Она, как детские кубики, опрокидывала все его оправдания. Они предстали во всей своей несостоятельности, никчемности, надуманности и самодовольстве.
— Ребенком, — безжалостно продолжала женщина, — я была ребенком. Я была в надежных руках. В кладовке, как дозревающее яблоко.
— Я так не думал и сейчас не думаю.
— Ты думал, что я еще могу подождать. А вот Феб решил, что я уже созрела. И тогда тебя заела ревность…
— Прекрати, Саулина! Довольно!
— Ты же сам мне сказал, что сделал свой ход, потому что маркиз Альбериги д'Адда положил на меня глаз. Если бы не эта досадная помеха, сколько еще лет мне пришлось бы ждать? И что вам всем от меня нужно? — спросила она, повернувшись в бешенстве к нему.

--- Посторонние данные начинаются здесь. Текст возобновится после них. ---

Lemma mu_natural_comp (X Y W : Ob M) (f : Hom M X Y) (h : Hom M W (D (D X))) :
  comp (Dmap f) (comp (mu X) h) = comp (mu Y) (comp (Dmap (Dmap f)) h).
Proof. rewrite comp_assoc, mu_natural, <- comp_assoc. auto. Qed.

Lemma mu_assoc_comp (X W : Ob M) (h : Hom M W (D (D (D X)))) :
  comp (mu X) (comp (mu (D X)) h) = comp (mu X) (comp (Dmap (mu X)) h).
Proof. rewrite comp_assoc, mu_assoc, <- comp_assoc. auto. Qed.

Lemma strong_natural {G E A : Ob M} (s : Hom M E G) (t : Hom M G (D A)) :
  comp (Dmap (fprod s (idm A))) (strong (comp t s)) = comp (st G A) (comp (pair (idm G) t) s).
Proof.
  pose proof (st_natural M _ _ _ _ s (idm A)) as H. rewrite Dmap_id in H.
  rewrite comp_assoc, <- H. cat_simpl. auto.
Qed.

(* Both sides become [Dmap _ o st o <<id, id>, t>]: naturality of [st], its associativity,
   then naturality along the diagonal. *)
Lemma strong_Dmap (G A B : Ob M) (u : Hom M (prod G A) B) (t : Hom M G (D A)) :
  strong (comp (Dmap u) (strong t)) = comp (Dmap (pair (pi1 G A) u)) (strong t).
Proof.
  set (S := strong t).
  assert (E1 : pair (idm G) (comp (Dmap u) S) = comp (fprod (idm G) (Dmap u)) (pair (idm G) S))
    by (cat_simpl; auto).
  rewrite E1, st_natural_comp.
  assert (E2 : comp (st G (prod G A)) (pair (idm G) S)
             = comp (st G (prod G A)) (comp (fprod (idm G) (st G A))
                 (comp (assoc G G (D A)) (pair (pair (idm G) (idm G)) t))))
    by (f_equal; unfold S; cat_simpl; auto).
  rewrite E2, st_assoc_comp.
  assert (E3 : pair (pair (idm G) (idm G)) t
             = comp (fprod (pair (idm G) (idm G)) (Dmap (idm A))) (pair (idm G) t))
    by (rewrite Dmap_id; cat_simpl; auto).
  rewrite E3, st_natural_comp. fold S.
  rewrite !comp_assoc, <- !Dmap_comp.
  f_equal. f_equal. cat_simpl. auto.
Qed.

Lemma Dmap_st_pi1 (G A B C : Ob M) (u' : Hom M (prod G B) C) (u : Hom M (prod G A) (D B)) :
  comp (Dmap u') (comp (st G B) (pair (pi1 G A) u))
  = comp (Dmap (comp u' (fprod (pi1 G A) (idm B)))) (strong u).
Proof.
  assert (E : pair (pi1 G A) u = comp (fprod (pi1 G A) (Dmap (idm B))) (pair (idm _) u))
    by (rewrite Dmap_id; cat_simpl; auto).
  rewrite E, st_natural_comp, Dmap_comp, <- comp_assoc. auto.
Qed.

Lemma strong_mu (G B : Ob M) (h : Hom M G (D (D B))) :
  strong (comp (mu B) h) = comp (mu _) (comp (Dmap (st G B)) (strong h)).
Proof.
  assert (E : pair (idm G) (comp (mu B) h) = comp (fprod (idm G) (mu B)) (pair (idm G) h))
    by (cat_simpl; auto).
  rewrite E, comp_assoc, <- mu_strong, <- !comp_assoc. auto.
Qed.

End StrongSemimonad.

(** * Soundness *)

Section Soundness.
Variables (M : SJModel) (b : Ob M).
Notation I := (interp M b).
Notation IC := (ictx M b).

— Я хочу, чтобы тебе было хорошо и мне, по возможности, тоже.
— Похоже, единственный человек, не имевший далеко идущих целей в отношении меня, — с грустью сказала Саулина, — был французский генерал. В тот момент, когда он подарил мне табакерку, я поверила, что моя жизнь изменится.

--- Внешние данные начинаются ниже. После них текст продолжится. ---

Lemma sigma_pos_add_prefix j r :
  factor j.+1 r = factor 1 r -> sigma_pos (j + r) = sigma_pos j + sigma_pos r.
Proof. by move=> pre; rewrite sigma_pos_add pre. Qed.

Lemma trib_sigma_pos_prefix j r : factor j.+1 r = factor 1 r ->
  forall v, v <= sigma_pos r -> trib ((sigma_pos j).+1 + v) = trib v.+1.
Proof.
move=> pre v; rewrite leq_eqVlt => /orP [/eqP -> | v_lt].
  by rewrite addSn -sigma_pos_add_prefix // !trib_sigma_pos1.
have := factor_sigma_pos j r; rewrite sigma_pos_add_prefix // addKn pre sigma_factor1.
by move/eqP/factor_eqP/(_ v v_lt) => ->; rewrite add1n.
Qed.

(** * Periods and runs *)

Lemma sigma_pos_period j : 0 < j ->
  (forall z, 0 < z < sigma_pos j -> trib z = trib (z + sigma_pos j)) ->
  forall z, 0 < z < j -> trib z = trib (z + j).
Proof.
move=> j_gt0 per z; elim/ltn_ind: z => z IH /andP [z_gt0 z_lt].
set r := z.-1; have z_eq : z = r.+1 by rewrite /r; lia.
have pre : factor j.+1 r = factor 1 r.
  apply/eqP/factor_eqP => u u_lt; rewrite add1n (IH u.+1); [congr trib | |]; lia.
have inside : (sigma_pos r).+2 < sigma_pos j.
  by have := sigma_posSS r; have := @leq_sigma_pos r.+2 j; lia.
apply: next_letter_inj; rewrite ?trib_le2 // z_eq -trib_sigma_pos2 per ?inside //.
have -> : (sigma_pos r).+2 + sigma_pos j = (sigma_pos (j + r)).+2.
  by rewrite sigma_pos_add_prefix //; lia.
by rewrite trib_sigma_pos2; congr (next_letter (trib _)); lia.
Qed.

Lemma prefix_period_t L : 0 < L ->
  (forall z, 0 < z < L -> trib z = trib (z + L)) -> exists k, L = t k.
Proof.
elim/ltn_ind: L => L IH L_gt0 per.
case: (ltnP L 2) => [L_lt2 | L_ge2]; first by exists 0; rewrite /t /=; lia.
have L_a : trib L.+1 = 0.
  by rewrite -addn1 addnC -per ?(trib_sigma_iter (k := 0)) //; lia.
have [j /eqP] := trib0_sigma_pos (ltn0Sn L) L_a; rewrite eqSS => /eqP L_eq.
have j_gt0 : 0 < j by case: j L_eq => // L_eq; move: L_ge2; rewrite L_eq.
have [k j_eq] : exists k, j = t k.
  apply: IH => //; first by rewrite L_eq ltn_id_sigma_pos.
  by apply: sigma_pos_period; rewrite // -L_eq.
by exists k.+1; rewrite L_eq j_eq sigma_pos_t.
Qed.

Lemma left_special_sigma_pos p q : 1 < p -> 1 < q ->
  trib p.-1 != trib q.-1 -> trib p = trib q ->
  exists j j', [/\ p = (sigma_pos j.+1).+1, q = (sigma_pos j'.+1).+1
                 & trib j.+1 != trib j'.+1].
Proof.
move=> p_gt1 q_gt1 pre_neq eq_pq.
have p_a : trib p = 0.
  apply/eqP; apply: contraT => p_neq0; have q_neq0 : trib q != 0 by rewrite -eq_pq.
  move: pre_neq; have [_ ->] := trib_pred_neq0 (ltnW p_gt1) p_neq0.
  by have [_ ->] := trib_pred_neq0 (ltnW q_gt1) q_neq0.
have [[|j] p_eq] := trib0_sigma_pos (ltnW p_gt1) p_a; first by rewrite p_eq in p_gt1.
have [[|j'] q_eq] := trib0_sigma_pos (ltnW q_gt1) (etrans (esym eq_pq) p_a).
  by rewrite q_eq in q_gt1.
exists j, j'; split=> //; apply: contra pre_neq => /eqP eq_jj.
by rewrite p_eq q_eq /= !trib_sigma_posS eq_jj.
Qed.

(* Both occurrences start a sigma-block; their preimages are preceded by
   distinct letters and agree on a shorter factor, which by induction is a
   prefix and maps back onto the prefix of length n. *)
Lemma left_special_prefix n p q : 1 < p -> 1 < q -> trib p.-1 != trib q.-1 ->
  factor p n = factor q n -> factor p n = factor 1 n.
Proof.
elim/ltn_ind: n p q => -[|N] IH p q p_gt1 q_gt1 pre_neq; first by [].
move=> /eqP/factor_eqP eq_pq.
have [j [j' [p_eq q_eq jj_neq]]] : exists j j',
    [/\ p = (sigma_pos j.+1).+1, q = (sigma_pos j'.+1).+1 & trib j.+1 != trib j'.+1].
  by apply: left_special_sigma_pos; rewrite // -[p]addn0 -[q]addn0 eq_pq.
set P := fun v => trib (j.+2 + v) != trib (j'.+2 + v); set r := find P (iota 0 N).
have r_le : r <= N by have := find_size P (iota 0 N); rewrite size_iota.
have agree : factor j.+2 r = factor j'.+2 r.
  apply/eqP/factor_eqP => v v_lt; have := before_find 0 v_lt.
  by rewrite nth_iota ?add0n /P; [move/negbFE/eqP | lia].
have pre : factor j.+2 r = factor 1 r by apply: (IH r _ j.+2 j'.+2).
have pre' : factor j'.+2 r = factor 1 r by rewrite -agree.
have N_le : N <= sigma_pos r.
  case: (ltnP r N) => [r_lt | ?]; last by have := leq_id_sigma_pos r; lia.
  have has_mismatch : has P (iota 0 N) by rewrite has_find size_iota.
  have := nth_find 0 has_mismatch; rewrite -/r nth_iota // add0n /P; apply: contraNleq => lt_N.
  have := eq_pq (sigma_pos r).+1 lt_N.
  have shift l : factor l.+2 r = factor 1 r ->
      (sigma_pos l.+1).+1 + (sigma_pos r).+1 = (sigma_pos (l.+1 + r)).+2.
    by move=> pre_l; rewrite sigma_pos_add_prefix //; lia.
  rewrite p_eq q_eq !shift // !trib_sigma_pos2.
  by move/(next_letter_inj (trib_le2 _) (trib_le2 _)); rewrite -!addSn => ->.
apply/eqP/factor_eqP => u u_lt; rewrite p_eq (trib_sigma_pos_prefix pre) ?add1n //; lia.
Qed.

Lemma period_extend_left p i N : 0 < i -> factor i N = factor (i + p) N ->
  exists s N', [/\ 0 < s, N <= N', factor s N' = factor (s + p) N'
                 & s = 1 \/ trib s.-1 != trib (s.-1 + p)].
Proof.
elim: i N => // -[|i] IH N _ per; first by exists 1, N; split=> //; left.
case: (eqVneq (trib i.+1) (trib (i.+1 + p))) => [eq_i | neq_i]; last first.
  by exists i.+2, N; split=> //; right.
have [|s [N' [s_gt0 le_N per_s left]]] := IH N.+1 isT; last by exists s, N'; split=> //; lia.
move/eqP/factor_eqP: per => per; apply/eqP/factor_eqP => -[|u] u_lt.
  by rewrite !addn0 eq_i.
by rewrite -!addSnnS per // addSn.
Qed.

Lemma run_period_t i p N : 0 < i -> 0 < p -> p.*2 <= N.+1 ->
  factor i N = factor (i + p) N -> exists k, p = t k /\ N <= p + tsum k.
Proof.
move=> i_gt0 p_gt0 long /(period_extend_left i_gt0) [s [N' [s_gt0 le_N per left]]].
have pre : factor s N' = factor 1 N'.
  case: (eqVneq s 1) => [-> // | s_neq1].
  have {}left : trib s.-1 != trib (s.-1 + p) by case: left s_neq1 => [->|].
  apply: (left_special_prefix (q := s + p)) => //; [lia | lia |].
  by rewrite (_ : (s + p).-1 = s.-1 + p) //; lia.
have prefix_per u : u + p < N' -> trib u.+1 = trib (u.+1 + p).
  move/eqP/factor_eqP: pre => pre; move/eqP/factor_eqP: per => per u_lt.
  rewrite -add1n -pre; last lia.
  rewrite per; last lia.
  by rewrite -addnA [p + u]addnC pre ?addnA //; lia.
have [k p_eq] : exists k, p = t k.
  by apply: prefix_period_t => // -[|z] // /andP [_ z_lt]; apply: prefix_per; lia.
exists k; split=> //; case: (leqP N (p + tsum k)) => // long_run.
have := trib_shift_break k; rewrite prefix_per; last lia.
by rewrite p_eq -addSn eqxx.
Qed.

(** * Cubes *)

Definition is_cube_at i L := factor i L.*2 == factor (i + L) L.*2.

Lemma is_cube_atP i L :
  reflect (forall z, i <= z < i + L.*2 -> trib z = trib (z + L)) (is_cube_at i L).
Proof.
apply: (iffP (factor_eqP _ _ _)) => per z z_bd.
  have -> : z = i + (z - i) by lia.
  by rewrite per; [congr trib | ]; lia.
by rewrite per; [congr trib | ]; lia.
Qed.

Lemma occurs_at_factorP i L j :
  reflect (0 < j /\ factor j L = factor i L) (occurs_at (factor i L) j).
Proof.
rewrite /occurs_at size_factor.
apply: (iffP andP) => -[j_gt0 occ]; split=> //.
  apply/eqP/factor_eqP => u u_lt; move/allP/(_ u): occ.
  by rewrite mem_iota nth_factor //= => /(_ u_lt)/eqP.
apply/allP => u; rewrite mem_iota /= => u_lt.
by rewrite nth_factor //; move/eqP/factor_eqP: occ => ->.
Qed.

Lemma modn_gt0_double r L : 0 < r < L.*2 -> r != L -> 0 < r %% L.
Proof.
move=> r_bd; apply: contraR; rewrite -leqNgt leqn0 => /eqP r_mod0.
have q_lt2 : r %/ L < 2 by rewrite ltn_divLR; lia.
move: r_bd; rewrite (divn_eq r L) r_mod0 addn0.
by case: (r %/ L) q_lt2 => [|[|]] //; rewrite mul1n.
Qed.

Lemma cube_no_inner_occurrence i L r : 0 < i -> 0 < r < L.*2 -> r != L ->
  is_cube_at i L -> factor (i + r) L != factor i L.
Proof.
move=> i_gt0 r_bd r_neqL /is_cube_atP cube; apply/negP => /factor_eqP occ.
have L_gt0 : 0 < L by lia.
(* G is the periodic extension of the root; the inner occurrence makes it
   periodic with period r mod L, hence with some period p <= L/2, and the
   cube then contains a run of period p that run_period_t forbids. *)
pose G v := trib (i + v %% L).
have cube_mod a : a < 3 * L -> trib (i + a) = G a.
  elim/ltn_ind: a => a IH a_lt; case: (ltnP a L) => [a_ltL | a_geL].
    by rewrite /G modn_small.
  rewrite -(subnK a_geL) addnA -cube ?IH /G ?modnDr //; lia.
have G_mod v : G (v + r %% L) = G v.
  have := occ (v %% L) (ltn_pmod v L_gt0); rewrite -addnA cube_mod; last first.
    by have := ltn_pmod v L_gt0; lia.
  by rewrite /G !modnDmr [v + r]addnC => ->.
have r_mod := modn_gt0_double r_bd r_neqL.
have r_modL := ltn_pmod r L_gt0.
set p := minn (r %% L) (L - r %% L).
have p_gt0 : 0 < p by rewrite /p; lia.
have p_half : p.*2 <= L by rewrite /p; lia.
have G_p v : G (v + p) = G v.
  rewrite /p /minn; case: ifP => _; first exact: G_mod.
  by rewrite -(G_mod (v + (L - r %% L))) -addnA subnK ?(ltnW r_modL) // /G modnDr.
have per : factor i (3 * L - p) = factor (i + p) (3 * L - p).
  apply/eqP/factor_eqP => u u_lt.
  by rewrite -addnA [p + u]addnC !cube_mod ?G_p //; lia.
have long : p.*2 <= (3 * L - p).+1 by lia.
have [k [p_eq run]] := run_period_t i_gt0 p_gt0 long per.
by have := tsum_lt_double k; lia.
Qed.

— А разве она не изменилась?
— Я верила, что сама возьму в руки вожжи своей судьбы, а вместо этого оказалось, что другие направляют все мои шаги. — В ее голосе прозвучала безысходная горечь. — Другие все решали за меня.
— Ты все чертовски усложняешь, — улыбнулся Рибальдо, подходя к ней с ласковой улыбкой и твердым намерением помириться.
— Нет, Гульельмо, — холодно отрезала она. — Таким простым способом столь сложные дела не решаются. Меня обманули, предали. Я-то думала, что живу и действую по собственной воле, а вместо этого оказалось, что я всего лишь предмет игры вроде мячика. И правила от меня не зависят. Возница был в сговоре с тобой, — добавила Саулина.
— Да, но я в этом ничего плохого не вижу.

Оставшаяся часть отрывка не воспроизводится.